The reason why you are feeling the squeeze on cycle times is because of their growing expectations. Fast or free shipping has somehow become fast and free shipping almost overnight. Same-day and next-hour delivery raise the bar even higher. Retail and B2B operations are also seeing increasing shipment frequencies and requests for store friendly, aisle-ready containers.

Consumers are rightfully focused on their convenience, regardless of the issues that it may cause down the line for retailers. Inventory management and control are essential if you expect to stay on top of satisfying consumer expectations.

If you want to keep total cost of ownership down, and do more with less, you need to work out how you can cater flexibly to that demand — and sooner rather than later.

Beware the Boutique Solution: Narrowly Focused Plugins

You may have seen a few different boutique software solutions offering a plugin that will connect various elements of your operations. Tread carefully. There’s a dizzying array of options and solutions (some of them potentially effective), but unless you currently have a truly holistic system, they are not so much integrating your system as gluing together existing pieces for a makeshift operation. Plugins can be great — you just need the right overarching software to avoid making a messy situation even messier by overwhelming your IT team. 

It doesn’t matter how smart your parallel systems are — if they are not integrated, your operations will not be as agile as they need to be. In fact, the agility of your operations is likely being hampered by the inefficiencies implicit in having competing systems. 

Think of It like a Three-Legged Race: Incompatible Data and Dispersed Systems Create Silos

Remember three-legged races? Two people stand next to each other and tie their inside legs together so when they run, they must coordinate their stride with the one shared leg? Imagine one of those people is your brick-and-mortar operation and the other is your e-commerce operation. Speed and agility depend on that shared leg. It needs harmony, so instead of being two separate things, it operates as one. 

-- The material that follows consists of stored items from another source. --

(* Let $(P,\le,A_1\ldots A_k)$ be a regular poset of width $w$ with node tree $(\mathcal{N},\prec)$. Suppose $\mathcal{F}\subseteq\mathcal{N}$ is ancestor-free and for every node $(X,Y,<)\in\mathcal{F}$ a perfect matching $M(X,Y,<)$ of the bipartite graph $(X,Y,<)$ is fixed. Let $F=\bigcup_{(X,Y,<)\in\mathcal{F}}(X\cup Y)$. Then there is a partition of $(F,\le)$ into $w$ chains such that for every node $(X,Y,<)\in\mathcal{F}$ and every edge $(a<b)$ of $M(X,Y,<)$, the elements $a$ and $b$ lie in the same chain of this partition.
   Context: Let $(P,\le)$ be a finite poset of width $w$. For $A\subseteq P$ let $A{\uparrow}=\{y: x\le y\text{ for some }x\in A\}$, $A{\downarrow}=\{y: y\le x\text{ for some }x\in A\}$. For maximal antichains $A,B$ write $A\sqsubseteq B$ if $A\subseteq B{\downarrow}$, and $A\sqsubset B$ if also $A\ne B$. For disjoint antichains $A\sqsubset B$, $(A,B,<)$ is the bipartite graph with classes $A,B$ and edges $(a<b)$ for $a\in A,b\in B$, $a<b$; it is regular if every edge lies in a perfect matching. A regular poset $(P,\le,A_1\ldots A_k)$: $A_1,\dots,A_k$ are maximum antichains partitioning $P$, $(\{A_1,\dots,A_k\},\sqsubseteq)$ is a linear order with minimum $A_1$ and maximum $A_2$, $a<b$ for all $a\in A_1,b\in A_2$, and for every $t\in[2,k]$ and every $A_p\sqsubset A_s$ consecutive in $(\{A_1,\dots,A_t\},\sqsubseteq)$ the graph $(A_p,A_s,<)$ is regular. A node is a bipartite graph $(X,Y,<)$ where, for some such consecutive pair $A_p\sqsubset A_s$ (at some stage $t$), $X\subseteq A_p$, $Y\subseteq A_s$ and $X\cup Y$ is the vertex set of a connected component of $(A_p,A_s,<)$; $\mathrm{Int}(X,Y,<)=X{\uparrow}\cap Y{\downarrow}$. Node tree $(\mathcal{N},\prec)$: $\mathcal{N}$ is the set of all nodes; when for $t\ge3$ the antichain $A_t$ is inserted between $A_p\sqsubset A_s$ consecutive at stage $t-1$, each node $M$ of $(A_p,A_t,<)$ or $(A_t,A_s,<)$ is a child of the unique node $N$ of $(A_p,A_s,<)$ with $\mathrm{Int}(M)\subset\mathrm{Int}(N)$; this is a rooted tree with root $(A_1,A_2,<)$. A set $\mathcal{F}\subseteq\mathcal{N}$ is ancestor-free if no node of $\mathcal{F}$ is a descendant of another node of $\mathcal{F}$. *)

From mathcomp Require Import all_boot all_order.
From Stdlib Require Import Relations.
Set Implicit Arguments. Unset Strict Implicit. Unset Printing Implicit Defensive.
Import Order.Theory.

Section PosetDefs.
Context {d : Order.disp_t} {T : finPOrderType d}.

Definition antichain (A : {set T}) : bool :=
  [forall x in A, forall y in A, (x != y) ==> ~~ (x <= y)%O].

Definition chain (C : {set T}) : bool :=
  [forall x in C, forall y in C, (x <= y)%O || (y <= x)%O].

Definition max_antichain (w : nat) (A : {set T}) : bool :=
  antichain A && (#|A| == w).

Definition upset (A : {set T}) : {set T} := [set y | [exists x in A, (x <= y)%O]].
Definition downset (A : {set T}) : {set T} := [set y | [exists x in A, (y <= x)%O]].

Definition sqle (A B : {set T}) : bool := A \subset downset B.
Definition sqlt (A B : {set T}) : bool := sqle A B && (A != B).

Definition perfect_matching (X Y : {set T}) (M : {set T * T}) : bool :=
  [&& [forall e in M, [&& e.1 \in X, e.2 \in Y & (e.1 < e.2)%O]],
      [forall x in X, #|[set e in M | e.1 == x]| == 1] &
      [forall y in Y, #|[set e in M | e.2 == y]| == 1]].

Definition regular_bip (X Y : {set T}) : Prop :=
  forall a b, a \in X -> b \in Y -> (a < b)%O ->
    exists M, perfect_matching X Y M /\ (a, b) \in M.

Definition bip_adj (X Y : {set T}) : rel T :=
  fun x y => ((x \in X) && (y \in Y) && (x < y)%O) || ((y \in X) && (x \in Y) && (y < x)%O).

Definition component (X Y S : {set T}) : Prop :=
  exists2 x, x \in X :|: Y & S = [set y | connect (bip_adj X Y) x y].

Definition consecutive (A : nat -> {set T}) (t p s : nat) : Prop :=
  [/\ 1 <= p <= t, 1 <= s <= t, sqlt (A p) (A s) &
      forall q, 1 <= q <= t -> ~~ (sqlt (A p) (A q) && sqlt (A q) (A s))].

Definition regular_poset (w k : nat) (A : nat -> {set T}) : Prop :=
  2 <= k /\
  (forall i, 1 <= i <= k -> max_antichain w (A i)) /\
  (forall i j, 1 <= i <= k -> 1 <= j <= k -> i != j -> [disjoint A i & A j]) /\
  (forall x : T, exists2 i, 1 <= i <= k & x \in A i) /\
  (forall i j, 1 <= i <= k -> 1 <= j <= k -> sqle (A i) (A j) || sqle (A j) (A i)) /\
  (forall i, 1 <= i <= k -> sqle (A 1) (A i) && sqle (A i) (A 2)) /\
  (forall a b, a \in A 1 -> b \in A 2 -> (a < b)%O) /\
  (forall t p s, 2 <= t <= k -> consecutive A t p s -> regular_bip (A p) (A s)).

(* A node (X,Y,<) is encoded by the pair (X,Y). *)
Definition node_of (A : nat -> {set T}) (p s : nat) (N : {set T} * {set T}) : Prop :=
  [/\ N.1 \subset A p, N.2 \subset A s & component (A p) (A s) (N.1 :|: N.2)].

Definition is_node (A : nat -> {set T}) (k : nat) (N : {set T} * {set T}) : Prop :=
  exists t p s, 2 <= t <= k /\ consecutive A t p s /\ node_of A p s N.

Definition Int (N : {set T} * {set T}) : {set T} := upset N.1 :&: downset N.2.

Definition child (A : nat -> {set T}) (k : nat) (N M : {set T} * {set T}) : Prop :=
  exists t p s, [/\ 3 <= t <= k, consecutive A t.-1 p s,
    sqlt (A p) (A t) && sqlt (A t) (A s),
    node_of A p t M \/ node_of A t s M &
    node_of A p s N /\ Int M \proper Int N].

Definition descendant (A : nat -> {set T}) (k : nat) (M N : {set T} * {set T}) : Prop :=
  clos_trans _ (child A k) N M.

Definition ancestor_free (A : nat -> {set T}) (k : nat)
  (F : {set {set T} * {set T}}) : Prop :=
  forall M N, M \in F -> N \in F -> ~ descendant A k M N.

End PosetDefs.

Definition width {d} (T : finPOrderType d) : nat :=
  \max_(A : {set T} | antichain A) #|A|.

From mathcomp Require Import all_boot all_order zify.
From Stdlib Require Import Relations Classical ClassicalEpsilon.
Import Order.Theory.
Set Implicit Arguments. Unset Strict Implicit. Unset Printing Implicit Defensive.

(** Add to [F] the leaves of the node tree (the nodes of the last stage) that lie below no node
    of [F]: the family stays ancestor-free, and each added leaf has a perfect matching by
    regularity of the last stage.  The key fact is that a node whose two layers lie between
    those of a node [N] and which has a vertex in [Int N] is [N] or a descendant of [N]: the
    first layer inserted between the layers of [N] splits [N] into children, one of which again
    has this property.  By ancestor-freeness, two nodes of the extended family sharing a lower
    (or an upper) vertex coincide, so the fixed matchings glue to a partial injection [up] with
    [x < up x].  Every vertex of the extended family outside [A 1] is the upper end of a
    matching edge (for a vertex occurring only as a lower vertex, the leaf just below it, or
    the node of [F] above that leaf, provides one).  Hence the [up]-orbits of the [w] elements
    of [A 1] are [w] disjoint chains covering [F], and every fixed matching edge joins two
    consecutive elements of one orbit. *)

Section Poset.
Context {d : Order.disp_t} {T : finPOrderType d}.
Implicit Types (B C D X Y : {set T}) (x y z : T).

Lemma antichain_le_eq B x y : antichain B -> x \in B -> y \in B -> (x <= y)%O -> x = y.
Proof.
move=> /forallP acB xB yB xy; apply/eqP; apply: contraTT xy => nxy.
by move/forallP: (implyP (acB x) xB) => /(_ y); rewrite yB nxy.
Qed.

Lemma upsetP B y : reflect (exists2 x, x \in B & (x <= y)%O) (y \in upset B).
Proof. by rewrite inE; apply: (iffP existsP) => [[x /andP[]]|[x]]; exists x => //; apply/andP. Qed.

Lemma downsetP B y : reflect (exists2 x, x \in B & (y <= x)%O) (y \in downset B).
Proof. by rewrite inE; apply: (iffP existsP) => [[x /andP[]]|[x]]; exists x => //; apply/andP. Qed.

Lemma IntP (N : {set T} * {set T}) y :
  reflect ((exists2 x, x \in N.1 & (x <= y)%O) /\ (exists2 x, x \in N.2 & (y <= x)%O))
          (y \in Int N).
Proof.
rewrite inE; apply: (iffP andP) => [[/upsetP ? /downsetP ?]|[? ?]] //.
by split; [apply/upsetP | apply/downsetP].
Qed.

Lemma sqle_above B C x : sqle B C -> x \in B -> exists2 y, y \in C & (x <= y)%O.
Proof. by move=> /subsetP sBC /sBC /downsetP. Qed.

Lemma sqle_trans B C D : sqle B C -> sqle C D -> sqle B D.
Proof.
move=> sBC sCD; apply/subsetP => x /(sqle_above sBC) [y /(sqle_above sCD) [z zD yz] xy].
by apply/downsetP; exists z; last exact: le_trans yz.
Qed.

Lemma connect_invariant (e : rel T) (Q : T -> Prop) x :
  Q x -> (forall u v, Q u -> e u v -> Q v) -> forall y, connect e x y -> Q y.
Proof.
move=> Qx Qe y /connectP [p + ->]; elim: p x Qx => [|z p IHp] x Qx //= /andP [exz pz].
exact: IHp (Qe _ _ Qx exz) pz.
Qed.

Lemma bip_adj_sym X Y : ssrbool.symmetric (bip_adj X Y).
Proof. by move=> x y; rewrite /bip_adj orbC. Qed.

Now think of your data and systems through that very same lens. Incompatible data and dispersed systems create silos of essential information. This places a heavy reliance on area managers within your operation to interpret and integrate your critical performance intelligence. This often leads to inefficiencies, miscommunication, and material-flow interruptions. They can’t track all the different real-time requirements, permutations, priorities, and fluctuations. Nobody can! It’s just too complex and happening too fast for any person to respond. 

That’s why holistic software — specifically software powered by AI — is so valuable. AI-enabled supply-chain management has allowed early adopters to improve logistics costs by 15%, inventory levels by 35%, and service levels by 65% according to McKinsey.

A platform capable of connecting nodes outside your four walls means you can make smarter, more dynamic decisions and respond to consumers rapidly without sacrificing accuracy. 

Putting the Theory into Practice: An Omnichannel Integration Solution That Meets Your Needs

So how do you make it happen? Every organization is different, so unsurprisingly, there’s no single solution that works for everyone. The best way to work out how to align all the different moving parts you currently deal with is to choose the right partner. And that means someone who is used to operating at scale in highly complex scenarios — like Dematic. 

The options available to you are growing all the time, and it’s natural to be skeptical that a new shiny tech investment might become obsolete before it’s paid for itself. That’s why you need to start and carry through a holistic approach to the software that oversees everything. 

A strong omnichannel brand requires an ecosystem mindset. You need to think in terms of streams, not nodes. AI gives you visibility over that ecosystem, so you can make better decisions, optimize your people and assets, manage just one inventory, and make everything you do as sustainable as possible. The result is highly efficient operations and total consumer satisfaction. 

Because that’s what omnichannel integration is all about at the end of the day — happy customers who can buy and return what they want from you whenever, wherever, and however they choose.